Definition is_directed_space (T : topologicalType) (d : set (dpath T)) : Prop :=
  [/\ (forall g, d g -> continuous g),
      (forall x : T, d (fun _ => x)),
      (forall g1 g2, d g1 -> d g2 -> g1 p1 = g2 p0 -> d (normcomp g1 g2)) &
      (forall g phi, d g -> reparamI1 phi -> d (g \o phi))].

(* Moore composition (gamma_1 phi_1 mu_{l_1}) * ... * (gamma_n phi_n mu_{l_n}),
   as a function of t in [0, l_1 + ... + l_n]. *)
Fixpoint moore (T : Type) (s : seq (dpath T * (I01 -> I01) * R)) (t : R) : option T :=
  match s with
  | [::] => None
  | [:: (g, phi, l)] => Some (g (phi (clamp (t / l))))
  | (g, phi, l) :: s' =>
      if t <= l then Some (g (phi (clamp (t / l)))) else moore s' (t - l)
  end.

Fixpoint moore_composable (T : Type) (s : seq (dpath T * (I01 -> I01) * R)) : Prop :=
  match s with
  | (g, phi, _) :: (((g', phi', _) :: _) as s') =>
      g (phi p1) = g' (phi' p0) /\ moore_composable s'
  | _ => True
  end.

Fixpoint all_prop (A : Type) (p : A -> Prop) (s : seq A) : Prop :=
  if s is x :: s' then p x /\ all_prop p s' else True.

(* d(X) for X a multipointed d-space given by (T, X0, P): the set of directed
   paths of Sp(X). *)
Definition dSp (T : topologicalType) (X0 : set T) (P : set (dpath T)) : set (dpath T) :=
  [set g | (exists x : T, g = fun _ => x) \/
    exists (s : seq (dpath T * (I01 -> I01) * R)) (x0 : T),
      [/\ s != [::],
          all_prop (fun e => [/\ P e.1.1, reparamI1 e.1.2 & 0 < e.2]) s,
          \sum_(e <- s) e.2 = 1,
          moore_composable s &
          g = fun u => odflt x0 (moore s (val u))]].
Lemma perm_common :
  perm_eq (common_params (num_params l v) (den_params R l0))
          [seq 1 - s%:R / l0%:R | s <- iota 0 l0 & (s != 0%N) && has_int_coord s].
Proof.
apply: perm_trans (perm_filter _ (perm_map _ (perm_iota1_sub l0))) _; rewrite -map_comp.
have -> : [seq (l0 - s)%:R / l0%:R | s <- iota 0 l0] =
          [seq 1 - s%:R / l0%:R :> R | s <- iota 0 l0].
  apply/eq_in_map => s; rewrite mem_iota => /andP[_ lt_s].
  by rewrite natrB ?(ltnW lt_s) // mulrBl divff ?l0R_neq0.
rewrite filter_map; apply/perm_map.
rewrite (@eq_in_filter _ _ (fun s => (s != 0%N) && has_int_coord s)) //.
by move=> s; rewrite mem_iota => /andP[_ lt_s]; exact: num_paramsP.
Qed.

Lemma has_int_coord0 : has_int_coord 0 <-> ~ (forall r, 0 < v 0 r).
Proof.
rewrite /has_int_coord coord0 -existsNP; split => [/existsP[r] | [r v_le0]].
- have /andP[v_ge0 v_lt1] := v_box r.
  rewrite intrEge0 // => /natrP[k vE]; exists r; move: v_lt1.
  by rewrite vE -[1]/(1%:R) ltr_nat ltr0n; lia.
- apply/existsP; exists r; have /andP[v_ge0 _] := v_box r.
  suff -> : v 0 r = 0 by exact: int_num0.
  by apply/eqP; rewrite eq_le v_ge0 andbT leNgt; exact/negP.
Qed.

Lemma in_Bk_bi : in_Bk bi.
Proof.
split; first by exists v.
by exists 0, 0; rewrite subrr mul0mx scale0r addr0.
Qed.

Lemma s0_eq0 b : in_Bk b -> (s0 b == 0%N) = (b == bi).
Proof.
have s0_bi : s0 bi = 0%N.
  by apply: s0_eq l0_gt0 _; exists 0; rewrite subrr scale0r subr0 mul0mx.
move=> Bb; apply/eqP/eqP => [s0_b | ->]; last exact: s0_bi.
by rewrite -(pointE Bb) s0_b -[in RHS](pointE in_Bk_bi) s0_bi.
Qed.

Variable Bk : seq 'rV[int]_n.
Hypothesis Bk_uniq : uniq Bk.
Hypothesis mem_Bk : forall b, b \in Bk <-> in_Bk b.

Lemma perm_Bk_point : perm_eq Bk [seq point s | s <- iota 0 l0].
Proof.
apply: uniq_perm => //.
  rewrite map_inj_in_uniq ?iota_uniq // => s1 s2.
  rewrite !mem_iota => /andP[_ lt1] /andP[_ lt2] e.
  by rewrite -(s0_point lt1) e s0_point.
move=> b; apply/idP/mapP => [/mem_Bk Bb | [s _ ->]]; last exact/mem_Bk/in_Bk_point.
have [lt_s _] := in_Bk_s0 Bb.
by exists (s0 b); rewrite ?mem_iota ?pointE.
Qed.

Lemma count_interior :
  count (fun b => `[< interior_PA R A b >]) Bk = count (predC has_int_coord) (iota 0 l0).
Proof.
rewrite (permP perm_Bk_point) count_map; apply: eq_count => s /=.
by rewrite (propext (interior_point s)) asboolb.
Qed.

---+---

| What the task requires |
Search the data above for the string "True" and copy each line that has it.

| Response |
  | _ => True
  if s is x :: s' then p x /\ all_prop p s' else True.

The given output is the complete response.